- Bakshirhat Location in West Bengal, India Bakshirhat Bakshirhat (India)
- Coordinates: 26°19′42″N 89°45′32″E﻿ / ﻿26.328199°N 89.758893°E
- Country: India
- State: West Bengal
- District: Cooch Behar
- Time zone: UTC+5:30 (IST)
- PIN: 736131 (Bakshirhat)
- Telephone/STD code: 03582
- Vehicle registration: WB
- Lok Sabha constituency: Alipurduars
- Vidhan Sabha constituency: Tufanganj
- Website: coochbehar.gov.in

= Bakshirhat =

Bakshirhat is a Town in the Tufanganj II CD block in the Tufanganj subdivision of the Cooch Behar district in the state of West Bengal, India.

==Geography==

===Location===
Bakshirhat is located at .

Bakshirhat is not identified in 2011 census record as a separate inhabited place but the place has a post office and a police station by that name.
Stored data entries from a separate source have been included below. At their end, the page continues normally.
Lemma separating_probe (f : C -> C) (K : C -> Prop) (eps : R) (z1 z2 a1 b1 a2 b2 al1 al2 : C) :
  linearizes f z1 a1 b1 -> linearizes f z2 a2 b2 ->
  (a1 * al1 * (b2 * Cconj al2) - b1 * Cconj al1 * (a2 * al2))%C <> 0%C ->
  compactC K -> 0 < eps ->
  exists (phi : C -> C * C) (psi : C * C -> C * C),
    C_affine_1_2 phi /\ C_affine_2_2 psi /\
    exists delta : R, delta < eps /\
      forall z : C, K z -> normC2 (subC2 (psi (times2 f (phi z))) (z, Cconj z)) <= delta.
Proof.
  intros Lin1 Lin2 HD HK Heps.
  set (p1 := (a1 * al1)%C) in HD; set (q1 := (b1 * Cconj al1)%C) in HD.
  set (p2 := (a2 * al2)%C) in HD; set (q2 := (b2 * Cconj al2)%C) in HD.
  set (D := (p1 * q2 - q1 * p2)%C) in HD.
  set (S := Cmod (q2 / D) + Cmod (- q1 / D) + Cmod (- p2 / D) + Cmod (p1 / D) + 1).
  assert (HS : 0 < S)
    by (unfold S; pose proof (Cmod_ge_0 (q2 / D)); pose proof (Cmod_ge_0 (- q1 / D));
        pose proof (Cmod_ge_0 (- p2 / D)); pose proof (Cmod_ge_0 (p1 / D)); lra).
  set (e := eps / (2 * S)).
  assert (He : 0 < e) by (unfold e; apply Rdiv_lt_0_compat; lra).
  destruct (compact_bounded K HK) as [N [HN HKN]].
  destruct (linearizes_uniform f z1 a1 b1 ((Cmod al1 + 1) * N) Lin1
              ltac:(pose proof (Cmod_ge_0 al1); nra) e He) as [h1 [Hh1 U1]].
  destruct (linearizes_uniform f z2 a2 b2 ((Cmod al2 + 1) * N) Lin2
              ltac:(pose proof (Cmod_ge_0 al2); nra) e He) as [h2 [Hh2 U2]].
  set (h := Rmin h1 h2 / 2).
  assert (Hh : 0 < h < h1 /\ 0 < h < h2)
    by (unfold h; pose proof (Rmin_l h1 h2); pose proof (Rmin_r h1 h2);
        pose proof (Rmin_glb_lt _ _ _ Hh1 Hh2); lra).
  exists (probe h al1 al2 z1 z2),
         (unscale h (q2 / D) (- q1 / D) (- p2 / D) (p1 / D) (f z1) (f z2))%C.
  split; [apply probe_affine | split; [apply unscale_affine |]].
  exists (eps / 2); split; [lra |].
  intros z Hz.
  (* each probe stays in the disc where the linearization error is at most e h *)
  assert (Hw : forall al, Cmod (al * z)%C <= (Cmod al + 1) * N).
  { intros al. rewrite Cmod_mult. pose proof (HKN z Hz); pose proof (Cmod_ge_0 al).
    pose proof (Cmod_ge_0 z). nra. }
  set (r1 := (f (Cplus (h * (al1 * z)) z1) - f z1 - (a1 * (h * (al1 * z)) + b1 * Cconj (h * (al1 * z))))%C).
  set (r2 := (f (Cplus (h * (al2 * z)) z2) - f z2 - (a2 * (h * (al2 * z)) + b2 * Cconj (h * (al2 * z))))%C).
  assert (R1 : Cmod r1 <= e * h) by (apply U1; [lra | apply Hw]).
  assert (R2 : Cmod r2 <= e * h) by (apply U2; [lra | apply Hw]).
  assert (Ef : times2 f (probe h al1 al2 z1 z2 z) =
               (f z1 + r1 + h * (p1 * z + q1 * Cconj z),
                f z2 + r2 + h * (p2 * z + q2 * Cconj z))%C).
  { unfold r1, r2, p1, q1, p2, q2, probe, times2; simpl.
    rewrite <- !scaled_linear_part.
    replace (h * al1 * z)%C with (h * (al1 * z))%C by ring.
    replace (h * al2 * z)%C with (h * (al2 * z))%C by ring.
    f_equal; ring. }
  rewrite Ef, unscale_residual by lra.
  destruct (inverse_2x2 p1 q1 p2 q2 z (Cconj z) HD) as [Inv1 Inv2]. fold D in Inv1, Inv2.
  rewrite Inv1, Inv2.
  eapply Rle_trans; [apply normC2_le_sum |]. unfold subC2; simpl.
  replace (_ + z - z)%C with ((q2 / D * r1 + - q1 / D * r2) / h)%C by ring.
  replace (_ + Cconj z - Cconj z)%C with ((- p2 / D * r1 + p1 / D * r2) / h)%C by ring.
  pose proof (residual_bound (q2 / D) (- q1 / D) r1 r2 h e ltac:(lra) R1 R2).
  pose proof (residual_bound (- p2 / D) (p1 / D) r1 r2 h e ltac:(lra) R1 R2).
  assert (Se : S * e = eps / 2) by (unfold e; field; lra).
  unfold S in Se. nra.
Qed.

(* Directions making M invertible: al1 = 1, and al2 = 1 unless that makes the
   determinant vanish, in which case al2 = i. *)
Lemma separating_directions (a1 b1 a2 b2 : C) :
  a1 <> 0%C -> b2 <> 0%C ->
  exists al1 al2 : C, (a1 * al1 * (b2 * Cconj al2) - b1 * Cconj al1 * (a2 * al2))%C <> 0%C.
Proof.
  intros Ha1 Hb2. exists (RtoC 1).
  assert (Hi : Cconj Ci = (- Ci)%C) by (unfold Cconj, Ci, Copp; simpl; f_equal; ring).
  destruct (classic ((a1 * b2)%C = (b1 * a2)%C)) as [E | E].
  - (* the determinant vanishes for al2 = 1, so turn the second direction by i *)
    exists Ci. rewrite conj_RtoC, Hi.
    replace (a1 * 1 * (b2 * - Ci) - b1 * 1 * (a2 * Ci))%C
      with (- Ci * (a1 * b2) - Ci * (b1 * a2))%C by ring.
    rewrite <- E. replace (- Ci * (a1 * b2) - Ci * (a1 * b2))%C
      with (- (2 * Ci) * (a1 * b2))%C by ring.
    apply Cmult_neq_0; [| apply Cmult_neq_0; assumption].
    intros Z. apply (f_equal Cmod) in Z.
    rewrite Cmod_opp, Cmod_mult, Cmod_Ci, Cmod_R, Cmod_0, Rabs_right in Z; lra.
  - exists (RtoC 1). rewrite conj_RtoC. intros Z. apply E.
    replace (a1 * b2)%C with ((a1 * 1 * (b2 * 1) - b1 * 1 * (a2 * 1)) + b1 * a2)%C by ring.
    rewrite Z; ring.
Qed.

Theorem proposition5p2 (rho : C -> C) (K : C -> Prop) (eps : R) :
  C2_CC rho ->
  ~ holomorphic rho -> ~ antiholomorphic rho -> ~ R_affine rho ->
  compactC K -> 0 < eps ->
  exists (phi : C -> C * C) (psi : C * C -> C * C),
    C_affine_1_2 phi /\ C_affine_2_2 psi /\
    (* sup_{z in K} || ... || < eps *)
    exists delta : R, delta < eps /\
      forall z : C, K z ->
        normC2 (subC2 (psi (times2 rho (phi z))) (z, Cconj z)) <= delta.
Proof.
  intros HC Hhol Hanti _ HK Heps.
  destruct (wirtinger_points rho HC Hhol Hanti)
    as [z1 [z2 [a1 [b1 [a2 [b2 [Lin1 [Lin2 [Ha1 Hb2]]]]]]]]].
  destruct (separating_directions a1 b1 a2 b2 Ha1 Hb2) as [al1 [al2 HD]].
  exact (separating_probe rho K eps z1 z2 a1 b1 a2 b2 al1 al2 Lin1 Lin2 HD HK Heps).
Qed.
Census maps do not show Bakshirhat police station, but it is mentioned in Cooch Behar police records. Google maps show both Chhota Laukuthi and Bakshirhat as adjacent places. (Please see references given below)

===Area overview===
The map alongside shows the eastern part of the district. In Tufanganj subdivision, 6.97% of the population lives in the urban areas and 93.02% in the rural areas. In Dinhata subdivision 5.98% of the population lives in the urban areas and 94.02% in the urban areas. The entire district forms the flat alluvial flood plains of mighty rivers.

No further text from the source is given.